August 18th, 2008
Should Evangelicals Downgrade the Abortion Issue?
Lately I’ve heard from several sources that a small but vocal number of evangelicals don’t think abortion is as important an issue as it has been in the past. They think there are more important issues to consider since it doesn’t look like anything is going to be changing on abortion anytime soon.
Say what???
These poor misinformed souls obviously don’t know the work being done by folks like Steve Wagner at Stand to Reason. Steve has given years of his life traveling to college campuses around the country and challenging young people to think more carefully and more clearly about abortion. Steve has spoken to thousands and thousands of college students (as well as others, through media appearances and his book, Common Ground Without Compromise) and helped them to draw their own conclusion that abortion is not morally neutral. His clear thinking and communicating is slowly but steadily changing the way young Americans think about abortion.
Here’s an example from his article “One-Minute Pro-Life Apologist.” This comes from a real dialogue he had with a college student:
If the unborn is growing, it must be alive. And if it has human parents, it must be human. And living humans, or human beings like you and I, are valuable aren’t they? From conception, all that’s added to the unborn is a proper environment and adequate nutrition. But those are the same things all of us need. And not only that. There’s one quality all of us have equally that demands equal treatment: we all have a human nature. Racism and sexism are wrong because they pick out external differences and ignore the underlying similarity between men and women, blacks and whites. And my concern is for your rights as a woman,that you can vindicate them against the will of the majority, but you can only vindicate your rights if you base them on your human nature. But the unborn also has that same human nature, so shouldn’t we protect him from discrimination just like we protect minorities and women?
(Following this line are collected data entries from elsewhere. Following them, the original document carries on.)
Lemma small_acc_card g : CardLe (small_acc g) (below lt k).
Proof.
  destruct (ladder_acc_card (ladder_spec g)) as [h [Hh1 Hh2]].
  exists h. split.
  - intros z [Hz1 Hz2]. eapply lt_le_trans; [apply Hh1; auto|auto].
  - intros x y [_ Hx] [_ Hy]. apply Hh2; auto.
Qed.

Lemma member_card i g : i <. k -> CardLe (member i g) (below lt (mu i)).
Proof.
  intro Hi. induction g as [g IH] using (well_founded_induction lt_wf).
  eapply cardle_subset; [| |apply (cardle_indexed_union (k_lt_mu Hi) (mu_square Hi)
      (level_card g Hi) (small_acc_card g) (F := member i))]; auto.
  - intros z Hz. inversion Hz; subst; eauto.
  - intros b Hb. exact (IH b (small_acc_lt Hb)).
Qed.

Hypothesis L_bounded_segment : forall b (t : L -> L), exists beta, forall x, x <. b -> t x <. beta.
Hypothesis L_bounded_omega : forall t : nat -> L, exists beta, forall n, t n <. beta.
Hypothesis k_regular : forall X (t : L -> L), X <. k -> (forall y, y <. X -> t y <. k) ->
  exists J, J <. k /\ forall y, y <. X -> t y <=. J.
Hypothesis k_uncountable : Uncountable lt k.

Lemma L_iterate_sup (next : L -> L) b : (forall c, c <. next c) ->
  exists z, IsLimit lt z /\ (forall n, Nat.iter n next b <. z) /\
    (forall y, y <. z -> exists n, y <. Nat.iter n next b).
Proof.
  intro Hnext. destruct (@iterate_sup (fun _ => True) next b) as [z [_ Hz]]; eauto.
  intros t _. destruct (L_bounded_omega t) as [beta Hb]. eauto.
Qed.

Lemma cf_k_omega_bounded d : IsCf lt d k -> omega_bounded d.
Proof. intro H. exact (uncountable_cf_omega_bounded H k_uncountable). Qed.

Section Colouring.
Variable f : L -> L.

Definition both_in (i g z : L) : Prop := member i g z /\ member i g (f z).
Definition Af (i g : L) : Prop := IsSup lt g (both_in i g).
Definition covered (d : L) : Prop := exists i, i <. k /\ Af i d.

Definition f_closed (d : L) : Prop := IsLimit lt d /\ forall z, z <. d -> f z <. d.
Definition f_closed_limit (d : L) : Prop :=
  IsLimit lt d /\ forall b, b <. d -> exists c, f_closed c /\ b <. c /\ c <. d.

Lemma both_in_lt i g z : both_in i g z -> z <. g.
Proof. intros [H _]. apply (member_lt H). Qed.
(* Let $0<x_1<x_2<x_3$ and $y_3>0$ with $y_3<1/x_2$, $x_3y_3<1$ and $x_1x_2\ge 1/\sqrt2$. Put $q_2=(x_2,1/x_2)$, $q_3=(x_3,y_3)$, $u:=(x_3-x_2)\,y_3$, and suppose $$1+\frac{x_2-x_1}{x_2}+u\ \ge\ 2.$$ Then $0<u<1$, and $x':=\dfrac{x_2}{1-u}$ satisfies $x'>x_2$, $\dfrac{x'-x_2}{x'}=u$, and $$T_h(x_2,x')\ \le\ T(q_2,q_3).$$
   Context: For points $p=(x_p,y_p)$ and $q=(x_q,y_q)$ in $(0,\infty)^2$ define $T(p,q):=\tfrac12\,(y_p-y_q+x_q-x_p)\,(x_p+y_q)$, and for $a,b>0$ define $T_h(a,b):=T((a,1/a),(b,1/b))=\tfrac12\bigl(\tfrac1a-\tfrac1b+b-a\bigr)\bigl(a+\tfrac1b\bigr)$. (In the paper: a normalized tile consisting of a step $(q_1,q_2)$ between hyperbola points, $q_1=(x_1,1/x_1)$, and a ''corner'' $(q_2,q_3)$ with $q_3$ strictly below the hyperbola $xy=1$, of area at least $2$, can be replaced by a tile with two steps of the same area and no larger crown.) *)

From Stdlib Require Import Reals.
Open Scope R_scope.

Definition T (p q : R * R) : R :=
  / 2 * (snd p - snd q + fst q - fst p) * (fst p + snd q).

Definition T_h (a b : R) : R := T (a, / a) (b, / b).

(* Write a = x2, y = y3, u = (x3 - x2) y3 and y0 = (1 - u)/a, so that the new
   hyperbola point is x' = 1/y0 and 0 < y < y0 <= 1/a.  The proof rests on an
   exact factorisation (T_minus_T_h_factor):
       T(q2,q3) - T_h(a, 1/y0) = (y0 - y)/(2 a y y0) * P(a, y, y0),
   with P = a^2 (1 - a y0) + (a^2 - 1) y y0 + a y y0 (y + y0).
   The first factor is positive since y < y0, so it suffices that P >= 0
   (crown_poly_nonneg).  This holds once a^4 u + a^2 >= 1: for a >= 1 every
   term of P is nonnegative, and for a < 1 the negative term is absorbed by
       (1 - a^2) y y0 <= (1 - a^2) y0^2 <= a^4 u y0^2 = a^2 u (a y0)^2 <= a^2 u.  Finally the
   area hypothesis says u a >= x1, so both a^2 and u a^2 are at least
   x1 x2 >= 1/sqrt 2, which yields a^4 u + a^2 >= 1 (area_normalised, via
   sqrt2_product_bound). *)

From Stdlib Require Import Reals Lra Psatz.
Open Scope R_scope.

Lemma T_minus_T_h_factor (a y y0 : R) :
  0 < a -> 0 < y -> 0 < y0 ->
  T (a, / a) (a + (1 - a * y0) / y, y) - T_h a (/ y0)
  = / 2 * (y0 - y) / (a * y * y0) *
    (a ^ 2 * (1 - a * y0) + (a ^ 2 - 1) * y * y0 + a * y * y0 * (y + y0)).
Proof.
  intros Ha Hy Hy0.
  unfold T_h, T; simpl.
  rewrite Rinv_inv.
  field; lra.
Qed.

Lemma crown_poly_nonneg (a y y0 u : R) :
  0 < a -> 0 < y -> y < y0 -> a * y0 = 1 - u -> 0 <= u ->
  a ^ 4 * u + a ^ 2 >= 1 ->
  0 <= a ^ 2 * u + (a ^ 2 - 1) * y * y0 + a * y * y0 * (y + y0).
Proof.
  intros Ha Hy Hyy0 Hay0 Hu Harea.
  assert (Hcubic : 0 <= a * y * y0 * (y + y0))
    by (apply Rmult_le_pos; [repeat apply Rmult_le_pos |]; lra).
  destruct (Rle_or_lt 1 (a ^ 2)) as [Hbig | Hsmall].
  - assert (0 <= (a ^ 2 - 1) * y * y0)
      by (apply Rmult_le_pos; [apply Rmult_le_pos |]; lra).
    assert (0 <= a ^ 2 * u) by (apply Rmult_le_pos; nra).
    lra.
  - (* (1 - a^2) y y0 <= (1 - a^2) y0^2 <= a^4 u y0^2 <= a^2 u *)
    assert (Hy_to_y0 : (1 - a ^ 2) * (y * y0) <= (1 - a ^ 2) * (y0 * y0))
      by (apply Rmult_le_compat_l; nra).
    assert (Harea_scaled : (1 - a ^ 2) * (y0 * y0) <= a ^ 4 * u * (y0 * y0))
      by (apply Rmult_le_compat_r; nra).
    assert (Hay0_pos : 0 < a * y0) by (apply Rmult_lt_0_compat; lra).
    assert (Hay0_le1 : (a * y0) * (a * y0) <= 1) by (rewrite Hay0 in *; nra).
    assert (Habsorb : a ^ 4 * u * (y0 * y0) <= a ^ 2 * u).
    { replace (a ^ 4 * u * (y0 * y0)) with (a ^ 2 * u * ((a * y0) * (a * y0)))
        by ring.
      rewrite <- (Rmult_1_r (a ^ 2 * u)) at 2.
      apply Rmult_le_compat_l; nra. }
    nra.
Qed.

Lemma T_h_le_corner (a y y0 u : R) :
  0 < a -> 0 < y -> y < y0 -> a * y0 = 1 - u -> 0 <= u ->
  a ^ 4 * u + a ^ 2 >= 1 ->
  T_h a (/ y0) <= T (a, / a) (a + u / y, y).
Proof.
  intros Ha Hy Hyy0 Hay0 Hu Harea.
  pose proof (crown_poly_nonneg a y y0 u Ha Hy Hyy0 Hay0 Hu Harea) as Hpoly.
  pose proof (T_minus_T_h_factor a y y0 Ha Hy ltac:(lra)) as Hfactor.
  rewrite Hay0 in Hfactor.
  replace (1 - (1 - u)) with u in Hfactor by ring.
  assert (Hcoef : 0 <= / 2 * (y0 - y) / (a * y * y0)).
  { apply Rmult_le_pos; [lra |].
    apply Rlt_le, Rinv_0_lt_compat; repeat apply Rmult_lt_0_compat; lra. }
  assert (0 <= / 2 * (y0 - y) / (a * y * y0) *
            (a ^ 2 * u + (a ^ 2 - 1) * y * y0 + a * y * y0 * (y + y0)))
    by (apply Rmult_le_pos; lra).
  lra.
Qed.

(* If b and c are both at least 1/sqrt 2 then b c >= 1/2 and c >= 1/2. *)
Lemma sqrt2_product_bound (b c : R) :
  b >= / sqrt 2 -> c >= / sqrt 2 -> b * c + c >= 1.
Proof.
  intros Hb Hc.
  set (w := / sqrt 2) in *.
  assert (Hs : sqrt 2 * sqrt 2 = 2) by (apply sqrt_sqrt; lra).
  assert (Hw2 : w * w = / 2) by (unfold w; rewrite <- Rinv_mult, Hs; reflexivity).
  assert (Hw : 0 < w) by (apply Rinv_0_lt_compat, sqrt_lt_R0; lra).
  assert (Hw_half : w >= / 2) by nra.
  nra.
Qed.

Lemma area_normalised (x1 a u : R) :
  0 < x1 -> x1 < a -> x1 * a >= / sqrt 2 ->
  1 + (a - x1) / a + u >= 2 ->
  a ^ 4 * u + a ^ 2 >= 1.
Proof.
  intros Hx1 Hx1a Hprod Harea.
  assert (Hratio : u >= x1 / a)
    by (replace ((a - x1) / a) with (1 - x1 / a) in Harea by (field; lra); lra).
  assert (Hua : u * a >= x1)
    by (replace x1 with (x1 / a * a) by (field; lra); nra).
  replace (a ^ 4 * u) with ((u * a ^ 2) * a ^ 2) by ring.
  apply sqrt2_product_bound; nra.
Qed.

Theorem mainTheorem7 (x1 x2 x3 y3 : R) :
  0 < x1 -> x1 < x2 -> x2 < x3 -> 0 < y3 ->
  y3 < / x2 -> x3 * y3 < 1 -> x1 * x2 >= / sqrt 2 ->
  1 + (x2 - x1) / x2 + (x3 - x2) * y3 >= 2 ->
  let u := (x3 - x2) * y3 in
  let x' := x2 / (1 - u) in
  (0 < u /\ u < 1) /\
  x' > x2 /\ (x' - x2) / x' = u /\
  T_h x2 x' <= T (x2, / x2) (x3, y3).
Proof.
  intros Hx1 Hx12 Hx23 Hy3 _ Hq3_below Hx1x2 Harea u x'.
  assert (Hu0 : 0 < u) by (unfold u; nra).
  assert (Hu1 : u < 1) by (unfold u; nra).
  (* y0 = 1/x' is the height of the new hyperbola point *)
  set (y0 := (1 - u) / x2).
  assert (Hay0 : x2 * y0 = 1 - u) by (unfold y0; field; lra).
  assert (Hx'y0 : x' = / y0) by (unfold x', y0; field; lra).
  assert (Hy3y0 : y3 < y0) by (apply (Rmult_lt_reg_l x2); [lra |]; unfold u in *; nra).
  split; [lra |]. split; [| split].
  - rewrite Hx'y0. apply Rlt_gt, (Rmult_lt_reg_l y0); [lra |].
    rewrite Rinv_r by lra. lra.
  - unfold x'. field. lra.
  - replace (x3, y3) with (x2 + u / y3, y3) by (f_equal; unfold u; field; lra).
    rewrite Hx'y0.
    apply T_h_le_corner; try lra.
    exact (area_normalised x1 x2 u Hx1 Hx12 Hx1x2 Harea).
Qed.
Perhaps you’re wondering why my wife and I have given several thousand dollars to support Steve’s work over the years? Two reasons:
The first is that just a minute or two of careful thinking about abortion will be enough to convince most reasonable people that we must end legalized abortion — or so we hope.
The second is that our nation won’t move past this issue unless most ordinary Americans are convinced in their hearts and minds that there is no possible moral justification for abortion on demand. Political maneuvering won’t do it. Stacking the courts won’t do it, at least not for the long term.
Steve isn’t a lobbyist. He talks with ordinary people and helps them to think through these things for themselves. He’s an advocate for children to the people themselves, to the grass roots. Because of his work and the work of others like him, I have hope that we can change our nation’s attitude about abortion from the ground up.
But that’s why evangelicals should put abortion foremost in their minds when they go to the polls this year. With people like Steve educating young people, there is real reason to hope that Americans of the coming generations won’t be as morally confused about abortion as Americans have been in recent decades. But if the next president stacks the courts with pro-choice judges and justices who will serve for 20 or 30 years, how many millions of unborn children will die, even against the will of ordinary Americans, until a future president has a chance to replace them? It won’t matter what the people believe or want if the courts are already stacked against children.